Nucleotide exchange assays were performed for 2’/3′-O-(N-Methyl-anthraniloyl)-guanosine-5′-triphosphate (mant-GTP) or mant-GDP. Mant-GTP and GDP stocks were purchased as 5 mM stocks from Invitrogen. To measure nucleotide exchange at 37°C, we generated a protein mixture containing 1.6 μM K-RAS, 52.5 mM Tris pH 7.5, 52.5 mM NaCl, 5.25 mM MgCl₂, 4.2 mM DTT and varying concentrations of SOS1 at a final volume of 140 μL, and a second mixture containing 225 μM of mant-GTP or GDP, 48.6 mM Tris, 48.6 mM NaCl, 4.9 mM MgCl₂, 1.9 mM DTT at pH7.5 at a final volume of 10 μL. The two mixtures were placed in the black-walled 96-well plate, wrapped in foil, and incubated in the dark for 30–40 min. Once combined, measurement of nucleotide exchange was taken every 65 s for 2 h at 37°C. Measurement of mant-nucleotide association with K-RAS was done by excitation at 360nm, detection of fluorescent emission at 440nm, and subtraction of a reference reaction lacking K-RAS protein. Replicate measurements of hydrolysis and nucleotide exchange were used to determine an apparent first-order rate constant (k_obs) using the program GraphPad Prism (Notredame et al., 2000).

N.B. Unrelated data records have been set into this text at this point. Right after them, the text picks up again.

(* Every cubic graph of path-width at most 4 contains a subgraph isomorphic to one of the following: the triangle, $K_{2,3}$, the domino, the twin-house, or the claw-square.
   Context: All graphs are finite and simple; cubic means 3-regular. The domino is the $2\times 3$ grid graph (vertices $a_1,a_2,a_3,b_1,b_2,b_3$, edges $a_1a_2,a_2a_3,b_1b_2,b_2b_3,a_1b_1,a_2b_2,a_3b_3$). The twin-house is the graph on vertices $p_1,\dots,p_6$ with edges $p_1p_2,p_1p_5,p_2p_6,p_5p_3,p_5p_4,p_6p_3,p_6p_4$. The claw-square is the graph on vertices $a_1,a_2,a_3,a_4,b_1,b_2,b_3,c$ with edges $a_1a_2,a_2a_3,a_3a_4,a_4a_1$, $cb_1,cb_2,cb_3$, $b_1a_1,b_2a_2,b_3a_3$. *)

From mathcomp Require Import all_boot all_order.
Set Implicit Arguments. Unset Strict Implicit. Unset Printing Implicit Defensive.

Definition simple_graph (T : finType) (e : rel T) : Prop :=
  symmetric e /\ irreflexive e.

Definition nbhd (T : finType) (e : rel T) (x : T) : {set T} := [set y | e x y].
Definition cubic (T : finType) (e : rel T) : Prop :=
  forall x : T, #|nbhd e x| = 3.

Definition path_decomposition (T : finType) (e : rel T) (bags : seq {set T}) : Prop :=
  [/\ forall x : T, exists2 i, i < size bags & x \in nth set0 bags i,
      forall x y : T, e x y ->
        exists2 i, i < size bags & (x \in nth set0 bags i) && (y \in nth set0 bags i)
    & forall (x : T) (i j k : nat), i <= j -> j <= k -> k < size bags ->
        x \in nth set0 bags i -> x \in nth set0 bags k -> x \in nth set0 bags j].

(* Width of a decomposition = (max bag size) - 1; path-width <= k iff there is a
   path decomposition all of whose bags have at most k+1 vertices. *)
Definition pathwidth_le (T : finType) (e : rel T) (k : nat) : Prop :=
  exists bags : seq {set T}, path_decomposition e bags /\
    forall B, B \in bags -> #|B| <= k.+1.

Definition edge_rel (n : nat) (E : seq (nat * nat)) : rel 'I_n :=
  fun x y => ((val x, val y) \in E) || ((val y, val x) \in E).

Definition has_subgraph (n : nat) (h : rel 'I_n) (T : finType) (e : rel T) : Prop :=
  exists f : 'I_n -> T, injective f /\ forall x y, h x y -> e (f x) (f y).

Definition triangle : rel 'I_3 := @edge_rel 3 [:: (0,1); (1,2); (0,2)].

Definition K23 : rel 'I_5 :=
  @edge_rel 5 [:: (0,2); (0,3); (0,4); (1,2); (1,3); (1,4)].

(* Domino: a1,a2,a3,b1,b2,b3 = 0,1,2,3,4,5. *)
Definition domino : rel 'I_6 :=
  @edge_rel 6 [:: (0,1); (1,2); (3,4); (4,5); (0,3); (1,4); (2,5)].

(* Twin-house: p1,...,p6 = 0,...,5; edges p1p2,p1p5,p2p6,p5p3,p5p4,p6p3,p6p4. *)
Definition twin_house : rel 'I_6 :=
  @edge_rel 6 [:: (0,1); (0,4); (1,5); (4,2); (4,3); (5,2); (5,3)].

(* Claw-square: a1,a2,a3,a4,b1,b2,b3,c = 0,1,2,3,4,5,6,7. *)
Definition claw_square : rel 'I_8 :=
  @edge_rel 8 [:: (0,1); (1,2); (2,3); (3,0); (7,4); (7,5); (7,6); (4,0); (5,1); (6,2)].

From mathcomp Require Import all_boot all_order.
Set Implicit Arguments. Unset Strict Implicit. Unset Printing Implicit Defensive.

(* Order the vertices by the first bag of a path decomposition of width 4 that
   contains them.  A vertex among the first k that still has a neighbour further
   on lies in the bag where vertex k+1 first appears, so every prefix has at most
   4 such open vertices.  A cubic graph is thus grown one vertex at a time, each
   new vertex being joined to at most 3 open ones, with never more than 4 open
   vertices.  An exhaustive search over these growth steps, run by [vm_compute],
   shows that within 10 steps every branch either exceeds 4 open vertices or
   contains one of the five graphs; in particular no branch becomes cubic first. *)

Definition boundary (T : finType) (e : rel T) (A : {set T}) : {set T} :=
  [set x in A | [exists y, e x y && (y \notin A)]].

Lemma boundary_setT (T : finType) (e : rel T) : boundary e [set: T] = set0.
Proof. by apply/setP => x; rewrite !inE; apply/existsP => [[y]]; rewrite inE andbF. Qed.

Lemma count_nbhd (T : finType) (e : rel T) (t : seq T) (x : T) :
  uniq t -> count (e x) t = #|nbhd e x :&: [set y in t]|.
Proof.
move=> ut; rewrite -size_filter; have /card_uniqP <- := filter_uniq (e x) ut.
by apply: eq_card => y; rewrite mem_filter !inE andbC.
Qed.

Lemma count_le_card_nbhd (T : finType) (e : rel T) (t : seq T) (x : T) :
  uniq t -> count (e x) t <= #|nbhd e x|.
Proof. by move=> ut; rewrite count_nbhd // subset_leq_card // subsetIl. Qed.

Lemma count_lt_card_nbhd (T : finType) (e : rel T) (t : seq T) (x : T) :
  uniq t -> (count (e x) t < #|nbhd e x|) = [exists y, e x y && (y \notin t)].
Proof.
move=> ut; rewrite count_nbhd // -(andTb (_ < _)) -(subsetIl (nbhd e x) [set y in t]) -properEcard.
apply/properP/existsP => [[_ [y]] | [y /andP [exy yt]]].
  by rewrite !inE => exy; rewrite exy /= => yt; exists y; rewrite exy.
by split; [exact: subsetIl | exists y; rewrite !inE ?exy // (negbTE yt) andbF].
Qed.

Section VertexSeparation.

Variables (T : finType) (e : rel T) (bags : seq {set T}).
Hypothesis pd : path_decomposition e bags.

Definition first_bag (x : T) : nat := find (fun B : {set T} => x \in B) bags.

Lemma has_bag x : has (fun B : {set T} => x \in B) bags.
Proof.
have [cover _ _] := pd; have [i ib xi] := cover x.
by apply/hasP; exists (nth set0 bags i); rewrite ?mem_nth.
Qed.

Lemma mem_first_bag x : x \in nth set0 bags (first_bag x).
Proof. exact: nth_find (has_bag x). Qed.

Lemma first_bag_lt x : first_bag x < size bags.
Proof. by rewrite -has_find has_bag. Qed.

Lemma first_bag_le x i : x \in nth set0 bags i -> first_bag x <= i.
Proof. by move=> xi; rewrite leqNgt; apply/negP => /(before_find set0); rewrite xi. Qed.

Definition bag_order : seq T := sort (fun x y => first_bag x <= first_bag y) (enum T).

Lemma bag_order_uniq : uniq bag_order.
Proof. by rewrite sort_uniq enum_uniq. Qed.

Lemma mem_bag_order x : x \in bag_order.
Proof. by rewrite mem_sort mem_enum. Qed.

Lemma first_bag_index_mono x y :
  index x bag_order <= index y bag_order -> first_bag x <= first_bag y.
Proof.
have sorted_s : sorted (fun x y => first_bag x <= first_bag y) bag_order.
  by apply: sort_sorted => a b; exact: leq_total.
move=> le_xy; rewrite -(nth_index x (mem_bag_order x)) -(nth_index x (mem_bag_order y)).
apply: (sorted_leq_nth (fun a b c => @leq_trans _ _ _) (fun a => leqnn _) x sorted_s) => //;
  by rewrite inE index_mem mem_bag_order.
Qed.

(* An open vertex x of the prefix before z, with a later neighbour y, satisfies
   first_bag x <= first_bag z <= first_bag y <= t for a bag t containing the
   edge xy, so x lies in the first bag of z by the interval property. *)
Lemma boundary_prefix_sub_bag z :
  boundary e [set x in take (index z bag_order) bag_order]
    \subset nth set0 bags (first_bag z) :\ z.
Proof.
set s := bag_order; set k := index z s.
have [_ edge_bag interval] := pd.
apply/subsetP => x; rewrite !inE => /andP [xk /existsP [y /andP [exy]]].
rewrite inE in_take ?mem_bag_order // -leqNgt => ky.
rewrite in_take ?mem_bag_order // in xk.
apply/andP; split; first by apply: contraTneq xk => ->; rewrite ltnn.
have [t tb /andP [xt yt]] := edge_bag x y exy.
apply: (interval x (first_bag x) _ t _ _ tb (mem_first_bag x) xt).
- by apply: first_bag_index_mono; exact: ltnW.
- by apply: leq_trans (first_bag_index_mono ky) (first_bag_le yt).
Qed.

Lemma card_boundary_prefix w z : (forall B, B \in bags -> #|B| <= w.+1) ->
  #|boundary e [set x in take (index z bag_order) bag_order]| <= w.
Proof.
move=> small; apply: leq_trans (subset_leq_card (boundary_prefix_sub_bag z)) _.
have zb : z \in nth set0 bags (first_bag z) by exact: mem_first_bag.
by move: (small _ (mem_nth set0 (first_bag_lt z))); rewrite (cardsD1 z) zb add1n ltnS.
Qed.

End VertexSeparation.

(* A state is a graph on [0, n) given by its adjacency lists; the search only
   meets states in which every vertex has at most 3 neighbours.  Vertex n is
   added by [extend_state st N], joined to the vertices of N. *)
Definition state := seq (seq nat).

Definition adjacent (st : state) (i j : nat) : bool := j \in nth [::] st i.

Definition unsaturated (st : state) : seq nat :=
  [seq i <- iota 0 (size st) | size (nth [::] st i) < 3].

Definition extend_state (st : state) (N : seq nat) : state :=
  rcons (mkseq (fun i => if i \in N then rcons (nth [::] st i) (size st)
                         else nth [::] st i) (size st)) N.

Fixpoint subseqs (s : seq nat) : seq (seq nat) :=
  if s is x :: s' then [seq x :: t | t <- subseqs s'] ++ subseqs s' else [:: [::]].

Lemma filter_subseqs (a : pred nat) s : [seq x <- s | a x] \in subseqs s.
Proof.
elim: s => [|x s IHs] /=; first by rewrite mem_seq1.
by rewrite mem_cat; case: (a x); rewrite ?(map_f (cons x) IHs) ?IHs ?orbT.
Qed.

Definition children (st : state) : seq state :=
  [seq extend_state st N | N <- subseqs (unsaturated st) & size N <= 3].

Definition is_embedding p (E : seq (nat * nat)) (st : state) (w : seq nat) : bool :=
  [&& size w == p, uniq w, all (gtn (size st)) w &
      all (fun ab => adjacent st (nth 0 w ab.1) (nth 0 w ab.2)) E].

(* The search for an embedding is guided by a plan: pattern vertices in the
   order they are placed, each with its already placed neighbours, the first of
   which supplies the candidate images.  Only the final [is_embedding] test
   matters for soundness. *)
Definition plan := seq (nat * seq nat).

Fixpoint greedy_plan (E : seq (nat * nat)) (placed free : seq nat) (n : nat) : plan :=
  if n is n'.+1 then
    let back v := [seq u <- placed | ((u, v) \in E) || ((v, u) \in E)] in
    let v := foldl (fun v x => if size (back v) < size (back x) then x else v) (head 0 free) free in
    (v, back v) :: greedy_plan E (v :: placed) (rem v free) n'
  else [::].

Definition plans p E : seq (nat * plan) :=
  [seq (r, greedy_plan E [:: r] (rem r (iota 0 p)) p.-1) | r <- iota 0 p].

Fixpoint match_plan p E (st : state) (pl : plan) (w : seq (option nat)) : bool :=
  if pl is (v, us) :: pl' then
    let img u := odflt 0 (nth None w u) in
    let cands := if us is u :: _ then nth [::] st (img u) else iota 0 (size st) in
    has (fun c => if (Some c \notin w) && all (fun u => adjacent st c (img u)) us
                  then match_plan p E st pl' (set_nth None w v (Some c)) else false) cands
  else is_embedding p E st (map (odflt 0) w).

(* The root of each plan is sent to the newest vertex: a forbidden subgraph
   avoiding it would already have stopped the search at the parent state. *)
Definition embeds p E (pls : seq (nat * plan)) (st : state) : bool :=
  has (fun rp => match_plan p E st rp.2 (set_nth None (nseq p None) rp.1 (Some (size st).-1))) pls.

Lemma match_plan_sound p E st pl w :
  match_plan p E st pl w -> exists v, is_embedding p E st v.
Proof.
elim: pl w => [|[v us] pl IHpl] w /=; first by exists (map (odflt 0) w).
by case/hasP => c _; case: ifP => // _; exact: IHpl.
Qed.

Lemma embeds_sound p E pls st : embeds p E pls st -> exists w, is_embedding p E st w.
Proof. by case/hasP => rp _; exact: match_plan_sound. Qed.

Ltac edge_list_of h :=
  let t := eval cbv delta [h] in h in
  lazymatch t with edge_rel ?E => exact E end.

Definition triangle_edges : seq (nat * nat) := ltac:(edge_list_of triangle).
Definition K23_edges : seq (nat * nat) := ltac:(edge_list_of K23).
Definition domino_edges : seq (nat * nat) := ltac:(edge_list_of domino).
Definition twin_house_edges : seq (nat * nat) := ltac:(edge_list_of twin_house).
Definition claw_square_edges : seq (nat * nat) := ltac:(edge_list_of claw_square).

Definition triangle_plans : seq (nat * plan) := Eval vm_compute in plans 3 triangle_edges.
Definition K23_plans : seq (nat * plan) := Eval vm_compute in plans 5 K23_edges.
Definition domino_plans : seq (nat * plan) := Eval vm_compute in plans 6 domino_edges.
Definition twin_house_plans : seq (nat * plan) := Eval vm_compute in plans 6 twin_house_edges.
Definition claw_square_plans : seq (nat * plan) := Eval vm_compute in plans 8 claw_square_edges.

Definition embeds_forbidden (st : state) : bool :=
  if embeds 3 triangle_edges triangle_plans st then true
  else if embeds 5 K23_edges K23_plans st then true
  else if embeds 6 domino_edges domino_plans st then true
  else if embeds 6 twin_house_edges twin_house_plans st then true
  else embeds 8 claw_square_edges claw_square_plans st.

(* [explore w fuel st] means that within [fuel] steps every way of growing [st]
   exceeds [w] unsaturated vertices or creates a forbidden subgraph; reaching a
   cubic state first is a failure. *)
Fixpoint explore (w fuel : nat) (st : state) : bool :=
  if fuel is fuel'.+1 then
    if w < size (unsaturated st) then true
    else if embeds_forbidden st then true
    else if (0 < size st) && (unsaturated st == [::]) then false
    else all (explore w fuel') (children st)
  else false.

Lemma explore_empty : explore 4 10 [::].
Proof. vm_cast_no_check (erefl true). Qed.

Definition contains_forbidden (T : finType) (e : rel T) : Prop :=
  has_subgraph triangle e \/ has_subgraph K23 e \/ has_subgraph domino e \/
  has_subgraph twin_house e \/ has_subgraph claw_square e.

Section PrefixStates.

Variables (T : finType) (e : rel T) (x0 : T) (s : seq T).
Hypotheses (e_sym : symmetric e) (e_irr : irreflexive e) (e_cubic : cubic e) (s_uniq : uniq s).

Local Notation v i := (nth x0 s i).

Definition prefix_nbrs (k i : nat) : seq nat := [seq j <- iota 0 k | e (v i) (v j)].

Definition prefix_state (k : nat) : state := mkseq (prefix_nbrs k) k.

Lemma size_prefix_state k : size (prefix_state k) = k.
Proof. exact: size_mkseq. Qed.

Measurement of K-RAS^A59T in cells and transformation experiments

Measurement of autophosphorylation in response to human Epidermal Growth Factor (hEGF) or insulin signaling was done using SNU-175 cells seeded at a starting density of 7.5×10⁵ cells/well in a 6-well plate, allowed to adhere overnight, and then serum starved for 24 h. After serum starvation, induction was done by either addition of vehicle (BSA suspended in HEPES), 1.5 μg/mL of hEGF, or 5 μg/mL of insulin. To measure changes in K-RAS autophosphorylation, cells were lysed at different times in the following manner. First, cells were gently washed once with 1 mL of phosphate buffered saline solution (PBS). Next, 150 μL of radioimmunoprecipitation assay (RIPA) buffer was applied to the well and lysis was allowed to proceed for 15 min at 4°C with gentle rocking. Cell lysate was collected and clarified by high-speed centrifugation at 4°C for 15 min before flash freezing in liquid nitrogen and storage at −80°C. For K-RAS knockdown experiments, shRNA in the pLKO-tet plasmid vector targeting KRAS, or GFP as a negative control, was obtained from Addgene and lentivirus was produced as in Ref. (Shao et al., 2014) using HEK293t cells. SNU-175 cells were infected for 24 h and allowed to expand for 1 week before selection with puromycin. For K-RAS knockdown experiments, puromycin selected cells were seeded at a starting density of 5×10⁴ cells/well in a 24-well plate. Cells were allowed to adhere overnight before induction of shRNA against KRAS using RPMI 1640 media supplemented with 2 μg/mL of doxycycline. To monitor changes in K-RAS autophosphorylation in response to KRAS knockdown, cells were lysed every 24 h using the same method as above. To measure the effect of K-RAS knockdown on SNU-175 cell proliferation, parental SNU-175 cells, or cells infected with shRNA suppressing K-RAS or GFP, were grown for 1 week at 2 μg/mL of doxycycline. After one week, 50,000 cells/well were seeded in 24-well plates and allowed to grow for 13 days. A doxycycline positive and negative set of proliferation experiments were performed in parallel.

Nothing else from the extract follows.